No todo es negativo, ya que vivir en la costa nos da la posibilidad de disfrutar de figuras internacionales de la talla de Pimpinela, Palega Ortito, Chaqueño Palavecino, Enrique Iglesias, el mencionado Montaner, y hasta darnos el lujo de volver a los noventa con Puma Rodríguez y Mateyko, y sentir que nos damos un chapuzón en el deme dos menemista. Todo esto, sin salir de su balcón, y sólo teniendo que soportar desde las once de la mañana la prueba de sonido con su interminable andanada de "un, dos, subime los graves" sólo para que sintamos que Lucía Galán está dejándonos sordos en el living de nuestra casa con unos decibeles que el mismísimo Brian Johnson envidiaría. Claro, la gente bian de Nuñez se queja de las rajaduras provocadas por la sucesión de recitales en River, pero uno debe soportar a Scioli en plena campaña proselitista, a Andres Cosmai chorreando grasa por el micrófono al grito de "a ver esas palmas!" y tener al Chaqueño Palavecino pegado al hipotálamo porque, lógico, es verano y "hay que pasarla bien".

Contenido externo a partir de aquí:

(* Let $p$ be a prime, $R=\mathbb{F}_p[x,x^{-1}]$, $n\ge1$, let $U$ be an additive subgroup of $R^n$, and let $(f_m)_{m\ge1}$ be an enumeration of the irreducible elements of $\mathbb{F}_p[x]$. Then $U_m=f_mU\to\{0\}$.
   Context: Convergence of subsets $U_m\to\{0\}$ of $R^n$ means that for every $v\in R^n$, the truth value of $v\in U_m$ is eventually equal to that of $v\in\{0\}$ (the topology induced from $\{0,1\}^{R^n}$). *)

From mathcomp Require Import all_boot all_order all_algebra.
From mathcomp Require Import fraction.
Set Implicit Arguments. Unset Strict Implicit. Unset Printing Implicit Defensive.
Import Order.TTheory GRing.Theory Num.Theory.
Local Open Scope ring_scope.

Notation "x %:F" := (@FracField.tofrac _ x) : ring_scope.

(* The fraction field F_p(x) of F_p[x]; the Laurent polynomial ring
   R = F_p[x, x^{-1}] is realised as the subring of elements q / x^k. *)

Definition FpX (p : nat) := {fraction {poly 'F_p}}.

Definition laurent (p : nat) (r : FpX p) : Prop :=
  exists (q : {poly 'F_p}) (k : nat), r = q%:F / ('X^k)%:F.

Definition laurent_vec (p n : nat) (v : 'rV[FpX p]_n) : Prop :=
  forall i, laurent (v 0 i).

Definition additive_subgroup (p n : nat) (U : 'rV[FpX p]_n -> Prop) : Prop :=
  [/\ forall u, U u -> laurent_vec u,
      U 0 &
      forall u w, U u -> U w -> U (u - w)].

Definition scale_set (p n : nat) (f : {poly 'F_p}) (U : 'rV[FpX p]_n -> Prop)
  : 'rV[FpX p]_n -> Prop :=
  fun v => exists u, U u /\ v = f%:F *: u.

Definition irreducible_enum (p : nat) (f : nat -> {poly 'F_p}) : Prop :=
  [/\ forall m, (1 <= m)%N -> irreducible_poly (f m),
      forall m m', (1 <= m)%N -> (1 <= m')%N -> f m = f m' -> m = m' &
      forall q, irreducible_poly q -> exists2 m, (1 <= m)%N & f m = q].

(* Convergence of subsets of R^n in {0,1}^(R^n): for every v in R^n,
   the truth value of v \in U_m is eventually that of v \in L. *)
Definition subsets_converge (p n : nat) (Um : nat -> 'rV[FpX p]_n -> Prop)
  (L : 'rV[FpX p]_n -> Prop) : Prop :=
  forall v, laurent_vec v ->
    exists N, forall m, (N <= m)%N -> (Um m v <-> L v).

From mathcomp Require Import all_boot all_order all_algebra.
From mathcomp Require Import fraction.
From Stdlib Require Import Classical.
Import GRing.Theory.
Set Implicit Arguments. Unset Strict Implicit.
Local Open Scope ring_scope.

(* Fix a nonzero v in R^n and a nonzero coordinate q / x^k of v.  If v = f u
   with u in R^n, clearing denominators shows that f divides q x^j for some j,
   so an irreducible f is associate to x or divides q: its size is at most
   max(size q, 2).  There are finitely many polynomials of bounded size over
   F_p, and an enumeration visits each of them at most once, so f_m exceeds
   that size for all large m and v is eventually outside f_m U. *)

Lemma irreducible_dvdp_mulXn_size (F : fieldType) (f q : {poly F}) (j : nat) :
  irreducible_poly f -> q != 0 -> f %| q * 'X^j ->
  (size f <= maxn (size q) 2)%N.
Proof.
move=> irr_f q_neq0 dvd_f.
have [dvd_fX | ndvd_fX] := boolP (f %| 'X).
  by have := dvdp_leq (negbT (polyX_eq0 F)) dvd_fX; rewrite size_polyX leq_max orbC => ->.
have cop_fXj : coprimep f 'X^j.
  by rewrite coprimep_expr // irreducible_poly_coprime.
by rewrite leq_max dvdp_leq // -(Gauss_dvdpl _ cop_fXj).
Qed.

Lemma tofrac_div_eq_mul_div (R : idomainType) (a b c d e : R) :
  b != 0 -> e != 0 -> a%:F / b%:F = c%:F * (d%:F / e%:F) ->
  a * e = c * (d * b).
Proof.
move=> b_neq0 e_neq0; rewrite mulrA => /eqP.
rewrite eqr_div ?tofrac_eq0 // -!tofracM tofrac_eq => /eqP->.
by rewrite mulrA.
Qed.

Lemma injective_eventually_notin (T : eqType) (g : nat -> T) (s : seq T) :
  injective g -> exists N, forall m, (N <= m)%N -> g m \notin s.
Proof.
move=> inj_g; elim: s => [|a s [N notin_s]]; first by exists 0%N.
have [[m0 g_m0] | never_a] := classic (exists m0, g m0 = a).
  exists (maxn N m0.+1) => m; rewrite geq_max => /andP[/notin_s m_notin lt_m0_m].
  rewrite in_cons negb_or m_notin andbT -g_m0 (inj_eq inj_g).
  by apply: contraTneq lt_m0_m => ->; rewrite ltnn.
exists N => m /notin_s m_notin; rewrite in_cons negb_or m_notin andbT.
by apply/eqP => g_m; apply: never_a; exists m.
Qed.

Lemma bounded_size_polys_finite (F : finNzRingType) (B : nat) :
  exists s : seq {poly F}, forall q : {poly F}, (size q <= B)%N -> q \in s.
Proof.
exists [seq val q | q : {poly_B F}] => q size_q.
by rewrite -(npolypK size_q) map_f ?mem_enum.
Qed.

Lemma injective_poly_size_eventually_gt (F : finNzRingType) (g : nat -> {poly F})
  (B : nat) : injective g -> exists N, forall m, (N <= m)%N -> (B < size (g m))%N.
Proof.
move=> inj_g; have [s small_in_s] := bounded_size_polys_finite F B.
have [N notin_s] := injective_eventually_notin s inj_g.
exists N => m /notin_s; rewrite ltnNge; exact: contra (small_in_s _).
Qed.

Theorem lemma6p16 (p : nat) (hp : prime p) (n : nat) (hn : (1 <= n)%N)
  (U : 'rV[FpX p]_n -> Prop) (hU : additive_subgroup U)
  (f : nat -> {poly 'F_p}) (hf : irreducible_enum f) :
  subsets_converge (fun m => scale_set (f m) U) (fun v => v = 0).
Proof.
case: hU => U_laurent U0 _; case: hf => f_irr f_inj _ v v_laurent.
have [-> | v_neq0] := eqVneq v 0.
  by exists 0%N => m _; split=> // _; exists 0; split; rewrite ?scaler0.
have /existsP [i vi_neq0] : [exists i, v 0 i != 0].
  apply: contraR v_neq0 => /existsPn v0; apply/eqP/rowP => j.
  by rewrite mxE; apply/eqP/negPn/v0.
have [q [k vi_eq]] := v_laurent i.
have q_neq0 : q != 0 by apply: contraNneq vi_neq0 => q0; rewrite vi_eq q0 mul0r.
have f1_inj : injective (f \o succn).
  by move=> m m' /f_inj-/(_ isT isT) [].
have [N size_f_gt] := injective_poly_size_eventually_gt (maxn (size q) 2) f1_inj.
exists N.+1 => -[//|m] /= /size_f_gt size_fm_gt.
split=> [[u [Uu v_eq]] | v0]; last by rewrite v0 eqxx in v_neq0.
have [r [j ui_eq]] := U_laurent u Uu i.
have Xn_neq0 (l : nat) : ('X^l : {poly 'F_p}) != 0 by rewrite monic_neq0 ?monicXn.
have qXj_eq : q * 'X^j = f m.+1 * (r * 'X^k).
  apply: tofrac_div_eq_mul_div (Xn_neq0 _) (Xn_neq0 _) _.
  by rewrite -vi_eq -ui_eq v_eq mxE.
have dvd_fm : f m.+1 %| q * 'X^j by rewrite qXj_eq dvdp_mulIl.
have := irreducible_dvdp_mulXn_size (f_irr m.+1 isT) q_neq0 dvd_fm.
by rewrite leqNgt size_fm_gt.
Qed.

Pero el terror de todo residente costero se materializa cuando con los primeros calores, esa especie de mito similar al abominable Hombre Das Neves (perdón, de las Nieves) hace su entrada triunfal por la autovía dos: el turista. Rara especie peregrina, trae consigo doce meses de frustraciones, stress y agotamiento, que sólo cambiará por más desilusiones, espectáculos a la gorra, caminatas interminables por la peatonal, y excursiones a los rincones más inhóspitos de la Bristol. Es curioso cómo año tras año el turista se perfecciona en su fino (digamos delgado, que de fino no tiene nada) arte de ejercer esa suerte de piquete ambulante cada vez que camina con su prole por las veredas de la ciudad, obligando a quien no se encuentra de vacaciones a realizar todo tipo de proezas para sortear esos obstáculos insalvables en que resultan sus panzas dignas del Sistema Solar. Al menos tienen la misma coherencia con sus vehículos, manejando agresivamente, encerrando a otros conductores igualmente sacados, descargándose con bocinazos a repetición, demostrando un absoluto desinteres por la vida de los demás, ratificando que los argentinos somos solidarios sólo cuando hay una cámara de televisión de por medio.
Ofrendan su ausencia de pruritos sacándose la remera en cuanto lugar sea posible, a los fines que contemplemos sus adiposidades cuidadosamente desarrolladas a base de pizza y gaseosa cola. No abandonan su esterilla ni para meterse en la ducha, y van en ojotas hasta el cine. Así como los vampiros mueren al clavársele una estaca en el corazón (nuevos estudios sostienen que exponerlos a los rayos catódicos de la programación estival produciría los mismos efectos), sospecho que el turista vería imposibilitada su existencia en caso de clausurarse sus dos templos predilectos: la Fiambrería y la Rotisería. Ambos antros subsisten gracias al apetito desinteresado del turista, quien durante su estadía en la ciudad entroniza al fiambrín y las rabas (claro, estamos frente a la costa) como la base fundamental de su pirámide alimenticia, ignorando que la última vez que cambiaron el aceite de la freidora en esos recintos de dudosa reputación, eran tiempos en que Alfonsín (padre) nos deseaba Felices Pascuas.